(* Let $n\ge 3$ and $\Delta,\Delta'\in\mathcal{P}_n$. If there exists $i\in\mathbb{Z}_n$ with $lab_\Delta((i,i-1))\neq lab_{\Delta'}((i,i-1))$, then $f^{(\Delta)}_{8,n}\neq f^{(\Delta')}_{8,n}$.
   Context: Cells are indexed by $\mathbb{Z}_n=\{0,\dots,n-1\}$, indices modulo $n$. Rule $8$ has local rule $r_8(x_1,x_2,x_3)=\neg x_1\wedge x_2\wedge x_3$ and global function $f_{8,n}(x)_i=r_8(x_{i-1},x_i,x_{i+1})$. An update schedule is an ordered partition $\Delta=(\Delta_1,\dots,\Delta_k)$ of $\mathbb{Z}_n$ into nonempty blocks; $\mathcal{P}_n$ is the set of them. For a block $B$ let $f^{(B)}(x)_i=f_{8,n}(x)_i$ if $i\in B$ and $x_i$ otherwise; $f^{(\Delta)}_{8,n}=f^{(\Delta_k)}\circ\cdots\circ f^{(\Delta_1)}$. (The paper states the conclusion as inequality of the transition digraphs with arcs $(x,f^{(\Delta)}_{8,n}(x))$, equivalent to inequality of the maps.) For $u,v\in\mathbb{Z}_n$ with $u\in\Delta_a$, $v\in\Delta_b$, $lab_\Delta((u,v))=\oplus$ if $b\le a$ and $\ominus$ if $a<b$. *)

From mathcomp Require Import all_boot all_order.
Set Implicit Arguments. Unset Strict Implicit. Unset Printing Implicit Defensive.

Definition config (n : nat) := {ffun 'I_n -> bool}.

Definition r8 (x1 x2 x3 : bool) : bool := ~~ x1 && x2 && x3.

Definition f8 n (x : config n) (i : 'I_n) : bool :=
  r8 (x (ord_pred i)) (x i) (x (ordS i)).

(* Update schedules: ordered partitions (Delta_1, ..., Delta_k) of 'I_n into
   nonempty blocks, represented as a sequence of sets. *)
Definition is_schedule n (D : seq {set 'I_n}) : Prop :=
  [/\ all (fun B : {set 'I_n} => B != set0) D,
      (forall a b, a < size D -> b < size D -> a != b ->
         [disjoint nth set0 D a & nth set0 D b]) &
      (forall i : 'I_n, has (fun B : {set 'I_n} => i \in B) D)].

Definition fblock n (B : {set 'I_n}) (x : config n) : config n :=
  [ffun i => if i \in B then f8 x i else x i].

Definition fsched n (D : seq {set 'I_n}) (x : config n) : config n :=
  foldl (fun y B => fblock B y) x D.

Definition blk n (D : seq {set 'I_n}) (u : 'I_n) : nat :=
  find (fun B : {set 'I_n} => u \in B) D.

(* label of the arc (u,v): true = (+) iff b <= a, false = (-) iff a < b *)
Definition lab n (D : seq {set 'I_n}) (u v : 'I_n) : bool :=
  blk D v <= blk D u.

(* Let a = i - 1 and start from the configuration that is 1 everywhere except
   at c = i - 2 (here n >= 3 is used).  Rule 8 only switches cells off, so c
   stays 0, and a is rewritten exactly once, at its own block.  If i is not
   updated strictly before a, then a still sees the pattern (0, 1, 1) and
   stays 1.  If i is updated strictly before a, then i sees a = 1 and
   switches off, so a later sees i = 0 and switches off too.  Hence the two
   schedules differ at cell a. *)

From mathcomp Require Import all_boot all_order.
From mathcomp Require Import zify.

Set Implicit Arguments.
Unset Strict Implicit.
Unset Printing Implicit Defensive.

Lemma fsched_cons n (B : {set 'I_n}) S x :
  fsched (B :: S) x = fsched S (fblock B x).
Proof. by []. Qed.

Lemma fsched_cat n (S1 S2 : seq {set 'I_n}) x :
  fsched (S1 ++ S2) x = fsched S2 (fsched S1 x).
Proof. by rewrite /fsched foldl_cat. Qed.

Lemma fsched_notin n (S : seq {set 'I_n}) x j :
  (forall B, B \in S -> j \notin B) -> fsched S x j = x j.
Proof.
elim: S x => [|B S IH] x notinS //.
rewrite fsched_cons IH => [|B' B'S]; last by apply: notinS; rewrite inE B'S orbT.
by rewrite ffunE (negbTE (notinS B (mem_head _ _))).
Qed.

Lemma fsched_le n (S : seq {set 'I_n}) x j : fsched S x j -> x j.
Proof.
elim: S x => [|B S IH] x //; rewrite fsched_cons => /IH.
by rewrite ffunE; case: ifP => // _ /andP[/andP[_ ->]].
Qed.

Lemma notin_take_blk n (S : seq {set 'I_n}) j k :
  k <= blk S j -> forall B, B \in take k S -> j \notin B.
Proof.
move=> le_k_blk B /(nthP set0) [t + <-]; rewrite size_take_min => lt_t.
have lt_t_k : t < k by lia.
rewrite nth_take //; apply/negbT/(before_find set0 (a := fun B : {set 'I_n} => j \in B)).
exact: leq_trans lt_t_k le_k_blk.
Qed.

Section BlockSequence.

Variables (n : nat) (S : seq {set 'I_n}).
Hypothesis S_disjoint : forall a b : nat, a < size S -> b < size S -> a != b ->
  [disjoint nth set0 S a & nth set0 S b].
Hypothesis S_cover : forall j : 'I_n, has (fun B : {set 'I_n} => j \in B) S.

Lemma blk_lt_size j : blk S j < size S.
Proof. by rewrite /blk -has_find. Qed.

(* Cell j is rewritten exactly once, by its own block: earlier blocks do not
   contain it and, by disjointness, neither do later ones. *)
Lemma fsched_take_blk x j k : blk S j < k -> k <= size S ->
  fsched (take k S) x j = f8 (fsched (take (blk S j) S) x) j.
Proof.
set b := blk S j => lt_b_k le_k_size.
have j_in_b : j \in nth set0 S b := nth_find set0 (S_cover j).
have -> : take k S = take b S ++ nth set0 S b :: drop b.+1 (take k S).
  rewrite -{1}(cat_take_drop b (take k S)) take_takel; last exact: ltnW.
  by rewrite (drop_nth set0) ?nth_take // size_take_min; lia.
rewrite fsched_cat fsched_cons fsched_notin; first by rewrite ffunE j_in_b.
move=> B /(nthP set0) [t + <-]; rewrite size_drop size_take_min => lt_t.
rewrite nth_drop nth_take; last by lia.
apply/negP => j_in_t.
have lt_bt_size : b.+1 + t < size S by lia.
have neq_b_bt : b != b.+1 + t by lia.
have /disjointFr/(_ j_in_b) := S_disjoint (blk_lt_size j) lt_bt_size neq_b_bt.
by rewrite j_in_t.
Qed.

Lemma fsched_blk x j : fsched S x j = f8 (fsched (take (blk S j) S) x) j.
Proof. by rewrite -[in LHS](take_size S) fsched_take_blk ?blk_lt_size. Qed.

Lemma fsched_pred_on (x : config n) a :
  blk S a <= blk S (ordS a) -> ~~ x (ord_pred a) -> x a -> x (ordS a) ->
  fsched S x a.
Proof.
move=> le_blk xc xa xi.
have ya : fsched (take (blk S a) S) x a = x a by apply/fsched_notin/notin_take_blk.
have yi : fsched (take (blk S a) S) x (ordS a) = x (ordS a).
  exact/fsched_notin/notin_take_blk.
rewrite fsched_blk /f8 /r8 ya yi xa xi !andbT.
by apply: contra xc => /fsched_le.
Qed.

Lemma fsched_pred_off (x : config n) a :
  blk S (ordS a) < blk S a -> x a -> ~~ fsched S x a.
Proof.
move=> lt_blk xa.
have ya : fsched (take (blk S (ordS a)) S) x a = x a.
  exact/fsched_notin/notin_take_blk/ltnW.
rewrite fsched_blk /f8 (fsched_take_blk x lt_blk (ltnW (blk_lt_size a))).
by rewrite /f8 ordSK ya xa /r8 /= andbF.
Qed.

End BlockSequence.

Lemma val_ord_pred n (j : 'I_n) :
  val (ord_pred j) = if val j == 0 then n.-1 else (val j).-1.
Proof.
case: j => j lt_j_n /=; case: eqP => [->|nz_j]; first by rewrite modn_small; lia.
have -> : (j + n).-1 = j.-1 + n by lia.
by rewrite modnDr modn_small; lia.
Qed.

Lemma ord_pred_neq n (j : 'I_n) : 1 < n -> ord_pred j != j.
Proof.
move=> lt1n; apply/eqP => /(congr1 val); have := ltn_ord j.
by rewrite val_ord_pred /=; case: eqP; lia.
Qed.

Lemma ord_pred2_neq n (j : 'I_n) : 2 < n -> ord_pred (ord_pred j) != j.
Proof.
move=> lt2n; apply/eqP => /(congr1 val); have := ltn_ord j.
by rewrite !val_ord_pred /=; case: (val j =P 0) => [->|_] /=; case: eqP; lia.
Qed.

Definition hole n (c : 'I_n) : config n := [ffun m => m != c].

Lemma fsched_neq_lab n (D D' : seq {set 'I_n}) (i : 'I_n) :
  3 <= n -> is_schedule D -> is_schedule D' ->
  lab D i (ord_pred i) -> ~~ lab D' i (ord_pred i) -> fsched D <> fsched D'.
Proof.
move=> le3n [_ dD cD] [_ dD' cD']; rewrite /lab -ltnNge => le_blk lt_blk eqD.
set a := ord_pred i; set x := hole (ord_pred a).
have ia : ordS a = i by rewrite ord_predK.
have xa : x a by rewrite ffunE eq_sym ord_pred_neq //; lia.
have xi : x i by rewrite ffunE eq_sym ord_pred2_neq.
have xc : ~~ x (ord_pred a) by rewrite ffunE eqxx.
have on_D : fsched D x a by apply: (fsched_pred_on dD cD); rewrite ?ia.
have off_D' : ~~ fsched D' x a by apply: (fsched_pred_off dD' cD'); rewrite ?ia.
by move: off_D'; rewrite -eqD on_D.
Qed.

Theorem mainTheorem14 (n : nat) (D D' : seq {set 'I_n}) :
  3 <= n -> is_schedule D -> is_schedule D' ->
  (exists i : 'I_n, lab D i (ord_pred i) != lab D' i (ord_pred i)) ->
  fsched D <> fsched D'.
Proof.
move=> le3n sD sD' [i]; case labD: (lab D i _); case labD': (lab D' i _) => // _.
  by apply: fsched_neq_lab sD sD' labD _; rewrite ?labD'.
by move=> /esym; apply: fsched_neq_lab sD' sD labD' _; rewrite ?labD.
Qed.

-- -- --

EXERCISE DESCRIPTION: Which lines above include the word "Defensive"? Pick them out and copy them.

ANSWER BOX:
Set Implicit Arguments. Unset Strict Implicit. Unset Printing Implicit Defensive.
Unset Printing Implicit Defensive.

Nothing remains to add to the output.